PROBLEM STATEMENT:
Go through the lines below and copy any that hold the string "Arguments".

DATA PROVIDED:
··········

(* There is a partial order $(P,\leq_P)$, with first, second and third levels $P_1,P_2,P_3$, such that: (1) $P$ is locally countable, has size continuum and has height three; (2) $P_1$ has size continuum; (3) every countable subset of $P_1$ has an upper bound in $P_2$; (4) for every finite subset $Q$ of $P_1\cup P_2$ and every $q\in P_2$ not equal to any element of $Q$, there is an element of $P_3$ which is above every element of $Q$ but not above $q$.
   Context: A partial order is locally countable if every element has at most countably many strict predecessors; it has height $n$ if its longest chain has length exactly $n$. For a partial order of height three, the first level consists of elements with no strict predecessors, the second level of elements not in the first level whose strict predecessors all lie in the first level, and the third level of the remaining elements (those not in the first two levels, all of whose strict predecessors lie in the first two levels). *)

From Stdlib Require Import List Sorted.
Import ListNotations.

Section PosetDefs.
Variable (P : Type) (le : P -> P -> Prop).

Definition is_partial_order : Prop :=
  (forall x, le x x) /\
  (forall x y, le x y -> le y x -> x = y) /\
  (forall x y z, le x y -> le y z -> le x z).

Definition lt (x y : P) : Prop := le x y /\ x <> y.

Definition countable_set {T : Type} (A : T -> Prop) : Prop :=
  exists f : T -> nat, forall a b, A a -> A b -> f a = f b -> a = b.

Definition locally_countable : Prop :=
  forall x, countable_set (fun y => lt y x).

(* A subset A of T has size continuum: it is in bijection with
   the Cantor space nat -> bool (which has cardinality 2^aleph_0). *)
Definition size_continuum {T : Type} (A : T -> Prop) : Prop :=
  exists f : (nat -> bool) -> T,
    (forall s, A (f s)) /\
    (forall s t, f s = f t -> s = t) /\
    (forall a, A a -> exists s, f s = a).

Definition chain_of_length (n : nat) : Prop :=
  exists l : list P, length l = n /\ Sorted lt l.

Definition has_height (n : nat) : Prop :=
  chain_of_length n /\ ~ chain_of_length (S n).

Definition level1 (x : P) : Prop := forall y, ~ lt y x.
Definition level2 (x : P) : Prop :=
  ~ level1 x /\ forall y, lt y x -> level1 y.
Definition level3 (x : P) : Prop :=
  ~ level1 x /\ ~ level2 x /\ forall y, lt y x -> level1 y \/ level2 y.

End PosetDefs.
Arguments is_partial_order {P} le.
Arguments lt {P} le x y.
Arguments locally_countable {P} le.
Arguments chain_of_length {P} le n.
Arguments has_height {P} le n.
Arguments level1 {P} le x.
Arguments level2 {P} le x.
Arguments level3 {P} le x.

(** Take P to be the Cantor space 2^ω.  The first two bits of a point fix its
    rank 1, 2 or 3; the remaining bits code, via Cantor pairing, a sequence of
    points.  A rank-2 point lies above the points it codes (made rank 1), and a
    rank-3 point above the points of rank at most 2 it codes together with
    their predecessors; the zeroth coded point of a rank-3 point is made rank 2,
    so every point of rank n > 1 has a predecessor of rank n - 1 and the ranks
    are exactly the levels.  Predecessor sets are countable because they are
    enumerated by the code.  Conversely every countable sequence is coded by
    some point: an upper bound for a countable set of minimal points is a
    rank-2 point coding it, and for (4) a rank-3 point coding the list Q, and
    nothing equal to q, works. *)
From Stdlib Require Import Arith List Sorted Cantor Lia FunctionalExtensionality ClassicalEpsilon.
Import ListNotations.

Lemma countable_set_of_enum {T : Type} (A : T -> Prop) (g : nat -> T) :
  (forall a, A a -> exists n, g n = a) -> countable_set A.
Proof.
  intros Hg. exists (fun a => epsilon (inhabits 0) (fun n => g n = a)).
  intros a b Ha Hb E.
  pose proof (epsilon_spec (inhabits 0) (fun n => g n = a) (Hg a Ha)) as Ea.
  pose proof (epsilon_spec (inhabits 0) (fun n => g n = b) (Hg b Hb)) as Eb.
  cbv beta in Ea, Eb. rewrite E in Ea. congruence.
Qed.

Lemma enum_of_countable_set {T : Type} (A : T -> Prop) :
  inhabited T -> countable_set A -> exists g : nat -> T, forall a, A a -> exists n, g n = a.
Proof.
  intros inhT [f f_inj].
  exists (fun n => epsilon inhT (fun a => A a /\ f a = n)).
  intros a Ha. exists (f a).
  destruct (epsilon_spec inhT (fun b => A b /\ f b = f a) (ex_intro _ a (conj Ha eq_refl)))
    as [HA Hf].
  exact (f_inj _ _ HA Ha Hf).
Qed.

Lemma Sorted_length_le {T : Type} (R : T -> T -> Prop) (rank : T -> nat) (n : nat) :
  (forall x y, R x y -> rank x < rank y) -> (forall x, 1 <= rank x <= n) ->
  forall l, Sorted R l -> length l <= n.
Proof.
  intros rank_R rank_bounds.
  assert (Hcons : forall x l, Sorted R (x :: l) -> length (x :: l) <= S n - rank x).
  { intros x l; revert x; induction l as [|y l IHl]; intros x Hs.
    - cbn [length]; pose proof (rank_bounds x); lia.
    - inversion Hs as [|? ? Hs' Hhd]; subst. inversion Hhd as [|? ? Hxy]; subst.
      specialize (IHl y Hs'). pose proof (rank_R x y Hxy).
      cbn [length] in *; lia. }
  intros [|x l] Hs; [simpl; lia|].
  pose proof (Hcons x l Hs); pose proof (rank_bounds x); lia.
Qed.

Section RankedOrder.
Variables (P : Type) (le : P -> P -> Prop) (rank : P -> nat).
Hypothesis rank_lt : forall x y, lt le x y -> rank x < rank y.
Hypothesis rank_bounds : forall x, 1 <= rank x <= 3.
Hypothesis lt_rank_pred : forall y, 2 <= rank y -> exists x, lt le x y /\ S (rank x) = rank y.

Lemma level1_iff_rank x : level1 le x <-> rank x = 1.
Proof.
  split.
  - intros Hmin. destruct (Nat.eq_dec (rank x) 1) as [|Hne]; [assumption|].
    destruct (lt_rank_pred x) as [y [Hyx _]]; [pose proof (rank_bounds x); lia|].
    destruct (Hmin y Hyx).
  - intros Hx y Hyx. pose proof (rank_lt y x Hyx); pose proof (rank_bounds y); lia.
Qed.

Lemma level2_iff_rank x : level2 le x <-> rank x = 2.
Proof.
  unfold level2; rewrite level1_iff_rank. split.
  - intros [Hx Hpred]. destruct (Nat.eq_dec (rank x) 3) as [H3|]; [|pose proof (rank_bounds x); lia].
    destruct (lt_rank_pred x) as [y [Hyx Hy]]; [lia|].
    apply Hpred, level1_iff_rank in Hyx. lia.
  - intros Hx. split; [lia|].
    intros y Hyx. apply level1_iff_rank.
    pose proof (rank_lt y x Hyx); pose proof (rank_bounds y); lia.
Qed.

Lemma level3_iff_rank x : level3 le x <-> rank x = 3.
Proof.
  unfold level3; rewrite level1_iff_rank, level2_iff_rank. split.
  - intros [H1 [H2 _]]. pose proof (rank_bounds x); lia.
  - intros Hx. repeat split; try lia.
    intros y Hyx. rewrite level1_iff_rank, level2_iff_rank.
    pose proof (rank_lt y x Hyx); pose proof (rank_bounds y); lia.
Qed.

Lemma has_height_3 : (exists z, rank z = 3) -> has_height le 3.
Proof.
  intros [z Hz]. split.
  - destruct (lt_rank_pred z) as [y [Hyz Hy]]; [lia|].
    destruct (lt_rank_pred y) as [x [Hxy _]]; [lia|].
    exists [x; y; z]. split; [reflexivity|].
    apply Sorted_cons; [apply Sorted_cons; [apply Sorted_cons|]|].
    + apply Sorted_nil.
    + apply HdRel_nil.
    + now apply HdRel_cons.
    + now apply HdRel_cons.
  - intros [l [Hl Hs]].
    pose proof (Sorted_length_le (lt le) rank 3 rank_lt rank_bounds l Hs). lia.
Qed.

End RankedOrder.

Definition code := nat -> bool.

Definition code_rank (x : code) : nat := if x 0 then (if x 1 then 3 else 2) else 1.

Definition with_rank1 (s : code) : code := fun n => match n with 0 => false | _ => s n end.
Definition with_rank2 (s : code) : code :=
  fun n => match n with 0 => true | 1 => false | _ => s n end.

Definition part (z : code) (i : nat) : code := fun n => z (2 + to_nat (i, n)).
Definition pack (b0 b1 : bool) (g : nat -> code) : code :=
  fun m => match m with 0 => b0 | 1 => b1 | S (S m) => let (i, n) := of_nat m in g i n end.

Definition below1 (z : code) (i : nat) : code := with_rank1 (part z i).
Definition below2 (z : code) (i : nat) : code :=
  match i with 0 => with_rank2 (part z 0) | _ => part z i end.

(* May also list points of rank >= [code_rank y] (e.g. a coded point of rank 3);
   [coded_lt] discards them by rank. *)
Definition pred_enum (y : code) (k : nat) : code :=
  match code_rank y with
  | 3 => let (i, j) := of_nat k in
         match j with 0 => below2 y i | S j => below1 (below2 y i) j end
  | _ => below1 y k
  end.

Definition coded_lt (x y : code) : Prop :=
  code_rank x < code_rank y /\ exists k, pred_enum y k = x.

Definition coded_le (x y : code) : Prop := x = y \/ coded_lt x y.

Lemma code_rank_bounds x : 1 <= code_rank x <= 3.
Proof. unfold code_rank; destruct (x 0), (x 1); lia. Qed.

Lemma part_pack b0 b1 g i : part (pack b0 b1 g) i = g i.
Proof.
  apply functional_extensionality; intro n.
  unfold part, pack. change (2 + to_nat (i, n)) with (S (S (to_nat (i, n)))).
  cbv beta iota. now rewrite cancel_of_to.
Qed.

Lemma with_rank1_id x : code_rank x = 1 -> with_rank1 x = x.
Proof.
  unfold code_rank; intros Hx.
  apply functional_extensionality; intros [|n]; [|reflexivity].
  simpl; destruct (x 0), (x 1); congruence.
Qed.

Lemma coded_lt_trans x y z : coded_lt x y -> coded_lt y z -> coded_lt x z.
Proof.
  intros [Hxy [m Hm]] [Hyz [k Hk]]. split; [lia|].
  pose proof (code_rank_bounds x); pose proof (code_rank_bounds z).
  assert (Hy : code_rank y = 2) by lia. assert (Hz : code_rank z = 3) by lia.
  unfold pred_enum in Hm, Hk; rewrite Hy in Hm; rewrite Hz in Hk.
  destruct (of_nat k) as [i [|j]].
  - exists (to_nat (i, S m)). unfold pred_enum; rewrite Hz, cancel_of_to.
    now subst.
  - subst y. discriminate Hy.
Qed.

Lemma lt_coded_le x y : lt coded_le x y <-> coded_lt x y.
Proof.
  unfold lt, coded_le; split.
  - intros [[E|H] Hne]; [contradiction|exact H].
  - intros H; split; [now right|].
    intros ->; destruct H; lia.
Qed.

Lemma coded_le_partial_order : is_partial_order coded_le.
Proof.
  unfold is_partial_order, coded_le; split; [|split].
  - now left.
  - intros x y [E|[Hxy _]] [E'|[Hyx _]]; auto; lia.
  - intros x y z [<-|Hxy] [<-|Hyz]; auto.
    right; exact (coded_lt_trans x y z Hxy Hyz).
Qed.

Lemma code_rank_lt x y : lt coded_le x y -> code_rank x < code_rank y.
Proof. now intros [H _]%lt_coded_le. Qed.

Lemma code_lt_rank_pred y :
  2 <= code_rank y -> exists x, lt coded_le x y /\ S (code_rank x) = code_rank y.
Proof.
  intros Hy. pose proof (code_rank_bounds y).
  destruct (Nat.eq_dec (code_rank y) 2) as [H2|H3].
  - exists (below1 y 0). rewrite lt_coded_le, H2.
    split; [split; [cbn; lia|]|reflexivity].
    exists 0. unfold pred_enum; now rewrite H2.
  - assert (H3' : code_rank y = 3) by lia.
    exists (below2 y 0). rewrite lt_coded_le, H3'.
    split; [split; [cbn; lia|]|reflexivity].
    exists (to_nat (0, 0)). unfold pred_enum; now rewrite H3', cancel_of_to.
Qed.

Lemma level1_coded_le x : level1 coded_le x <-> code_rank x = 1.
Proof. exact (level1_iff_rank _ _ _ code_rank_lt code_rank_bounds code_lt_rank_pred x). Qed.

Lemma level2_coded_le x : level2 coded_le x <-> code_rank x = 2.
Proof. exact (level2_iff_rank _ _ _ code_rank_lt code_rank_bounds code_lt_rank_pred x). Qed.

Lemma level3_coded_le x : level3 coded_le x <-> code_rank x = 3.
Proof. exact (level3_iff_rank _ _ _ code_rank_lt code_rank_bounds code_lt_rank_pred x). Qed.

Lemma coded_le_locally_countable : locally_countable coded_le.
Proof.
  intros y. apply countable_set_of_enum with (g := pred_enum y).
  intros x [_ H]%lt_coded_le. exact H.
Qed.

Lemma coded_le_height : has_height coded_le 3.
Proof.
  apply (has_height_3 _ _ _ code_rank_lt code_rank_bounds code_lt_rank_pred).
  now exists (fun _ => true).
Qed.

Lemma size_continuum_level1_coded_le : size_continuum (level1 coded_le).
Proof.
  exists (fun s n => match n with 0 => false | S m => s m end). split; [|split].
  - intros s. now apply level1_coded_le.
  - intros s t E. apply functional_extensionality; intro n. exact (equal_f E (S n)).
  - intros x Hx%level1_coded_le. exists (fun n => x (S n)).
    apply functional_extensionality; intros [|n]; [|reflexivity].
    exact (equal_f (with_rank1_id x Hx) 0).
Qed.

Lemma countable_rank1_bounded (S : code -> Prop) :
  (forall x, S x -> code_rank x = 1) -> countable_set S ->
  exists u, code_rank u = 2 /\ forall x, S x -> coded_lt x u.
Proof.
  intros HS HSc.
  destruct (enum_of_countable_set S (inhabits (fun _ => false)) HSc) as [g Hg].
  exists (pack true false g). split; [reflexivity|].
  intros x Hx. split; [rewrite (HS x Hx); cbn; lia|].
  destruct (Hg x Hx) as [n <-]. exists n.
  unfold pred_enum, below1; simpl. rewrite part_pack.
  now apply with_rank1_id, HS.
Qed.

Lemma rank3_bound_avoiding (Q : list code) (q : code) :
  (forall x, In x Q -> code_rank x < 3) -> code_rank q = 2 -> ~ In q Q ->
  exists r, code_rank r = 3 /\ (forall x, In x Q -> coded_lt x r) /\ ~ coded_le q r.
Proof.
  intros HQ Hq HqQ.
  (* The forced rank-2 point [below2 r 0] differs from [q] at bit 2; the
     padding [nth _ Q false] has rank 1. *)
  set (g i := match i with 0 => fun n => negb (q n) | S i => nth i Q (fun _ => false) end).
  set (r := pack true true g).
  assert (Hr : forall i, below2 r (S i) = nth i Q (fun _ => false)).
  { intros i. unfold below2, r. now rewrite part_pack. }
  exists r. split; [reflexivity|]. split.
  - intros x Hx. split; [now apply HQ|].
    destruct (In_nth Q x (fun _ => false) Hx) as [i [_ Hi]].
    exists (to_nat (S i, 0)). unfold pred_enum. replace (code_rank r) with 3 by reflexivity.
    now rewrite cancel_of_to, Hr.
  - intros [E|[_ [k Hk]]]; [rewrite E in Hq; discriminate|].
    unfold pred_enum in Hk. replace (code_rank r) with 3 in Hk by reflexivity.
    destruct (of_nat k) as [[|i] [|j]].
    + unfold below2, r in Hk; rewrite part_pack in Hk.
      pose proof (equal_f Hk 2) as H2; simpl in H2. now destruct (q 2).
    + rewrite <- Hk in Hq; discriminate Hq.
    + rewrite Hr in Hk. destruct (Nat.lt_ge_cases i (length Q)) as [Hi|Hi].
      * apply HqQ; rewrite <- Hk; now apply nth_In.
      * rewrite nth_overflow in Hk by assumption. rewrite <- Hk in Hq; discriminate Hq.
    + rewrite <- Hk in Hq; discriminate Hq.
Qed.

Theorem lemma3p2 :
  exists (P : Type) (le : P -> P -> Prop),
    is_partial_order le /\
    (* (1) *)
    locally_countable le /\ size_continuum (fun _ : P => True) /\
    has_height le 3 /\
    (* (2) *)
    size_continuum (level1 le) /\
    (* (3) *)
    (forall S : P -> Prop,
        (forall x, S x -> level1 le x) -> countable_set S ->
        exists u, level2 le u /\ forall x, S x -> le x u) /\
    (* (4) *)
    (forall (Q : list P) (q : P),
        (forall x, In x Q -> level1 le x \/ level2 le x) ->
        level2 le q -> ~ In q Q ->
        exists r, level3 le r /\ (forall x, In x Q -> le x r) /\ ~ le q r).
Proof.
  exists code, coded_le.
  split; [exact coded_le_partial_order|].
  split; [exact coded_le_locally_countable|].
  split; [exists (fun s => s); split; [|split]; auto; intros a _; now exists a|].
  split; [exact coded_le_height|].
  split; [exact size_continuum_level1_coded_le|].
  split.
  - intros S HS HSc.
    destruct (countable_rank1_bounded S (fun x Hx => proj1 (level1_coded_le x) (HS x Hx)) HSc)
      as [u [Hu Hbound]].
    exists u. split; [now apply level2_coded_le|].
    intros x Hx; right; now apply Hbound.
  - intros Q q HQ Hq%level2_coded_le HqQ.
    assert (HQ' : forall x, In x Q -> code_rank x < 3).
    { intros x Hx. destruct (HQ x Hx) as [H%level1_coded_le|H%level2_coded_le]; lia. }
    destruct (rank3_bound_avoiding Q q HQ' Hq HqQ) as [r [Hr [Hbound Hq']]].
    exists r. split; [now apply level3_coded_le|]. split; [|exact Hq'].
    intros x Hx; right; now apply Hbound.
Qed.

··········

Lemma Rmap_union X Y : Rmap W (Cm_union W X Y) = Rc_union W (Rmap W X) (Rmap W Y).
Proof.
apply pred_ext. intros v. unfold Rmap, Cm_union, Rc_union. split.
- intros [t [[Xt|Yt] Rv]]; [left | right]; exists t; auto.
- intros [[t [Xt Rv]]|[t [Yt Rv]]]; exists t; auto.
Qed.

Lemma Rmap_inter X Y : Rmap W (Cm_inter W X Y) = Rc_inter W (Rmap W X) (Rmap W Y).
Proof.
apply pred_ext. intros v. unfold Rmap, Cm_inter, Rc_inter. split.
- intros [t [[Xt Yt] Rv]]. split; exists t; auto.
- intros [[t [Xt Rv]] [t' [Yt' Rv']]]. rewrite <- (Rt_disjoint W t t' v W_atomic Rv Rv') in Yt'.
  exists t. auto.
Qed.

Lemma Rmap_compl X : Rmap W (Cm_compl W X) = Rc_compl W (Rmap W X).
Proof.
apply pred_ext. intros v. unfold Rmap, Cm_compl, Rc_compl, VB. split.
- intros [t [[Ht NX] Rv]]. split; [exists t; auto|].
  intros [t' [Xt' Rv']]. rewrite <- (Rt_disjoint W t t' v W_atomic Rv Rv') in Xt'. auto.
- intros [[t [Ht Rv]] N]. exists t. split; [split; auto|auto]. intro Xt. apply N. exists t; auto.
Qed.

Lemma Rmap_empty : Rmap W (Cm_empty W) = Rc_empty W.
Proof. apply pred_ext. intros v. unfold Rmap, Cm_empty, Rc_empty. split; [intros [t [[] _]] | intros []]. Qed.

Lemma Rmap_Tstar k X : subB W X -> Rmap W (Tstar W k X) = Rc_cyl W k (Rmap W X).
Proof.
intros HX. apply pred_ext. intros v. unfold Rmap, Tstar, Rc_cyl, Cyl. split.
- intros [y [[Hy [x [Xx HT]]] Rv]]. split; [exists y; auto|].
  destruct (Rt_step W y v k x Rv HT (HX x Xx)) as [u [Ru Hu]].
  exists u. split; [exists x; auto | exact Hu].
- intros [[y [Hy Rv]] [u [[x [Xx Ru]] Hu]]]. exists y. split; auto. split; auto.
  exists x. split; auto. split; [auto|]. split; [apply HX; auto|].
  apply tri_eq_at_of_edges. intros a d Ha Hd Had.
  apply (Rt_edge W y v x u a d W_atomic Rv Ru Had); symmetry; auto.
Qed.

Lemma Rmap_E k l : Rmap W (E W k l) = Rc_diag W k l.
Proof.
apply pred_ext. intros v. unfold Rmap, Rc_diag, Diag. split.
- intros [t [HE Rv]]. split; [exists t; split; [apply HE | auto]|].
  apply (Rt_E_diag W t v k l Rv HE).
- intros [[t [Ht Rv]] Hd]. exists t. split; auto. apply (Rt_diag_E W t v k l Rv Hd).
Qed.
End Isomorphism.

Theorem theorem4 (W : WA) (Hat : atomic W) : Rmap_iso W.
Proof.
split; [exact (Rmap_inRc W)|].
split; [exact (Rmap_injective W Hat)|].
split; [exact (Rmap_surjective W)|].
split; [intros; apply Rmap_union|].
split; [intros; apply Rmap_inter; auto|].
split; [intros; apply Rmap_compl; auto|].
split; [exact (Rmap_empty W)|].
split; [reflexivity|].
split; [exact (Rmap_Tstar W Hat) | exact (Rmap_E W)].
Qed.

··········

WRITTEN RESPONSE:
Arguments is_partial_order {P} le.
Arguments lt {P} le x y.
Arguments locally_countable {P} le.
Arguments chain_of_length {P} le n.
Arguments has_height {P} le n.
Arguments level1 {P} le x.
Arguments level2 {P} le x.
Arguments level3 {P} le x.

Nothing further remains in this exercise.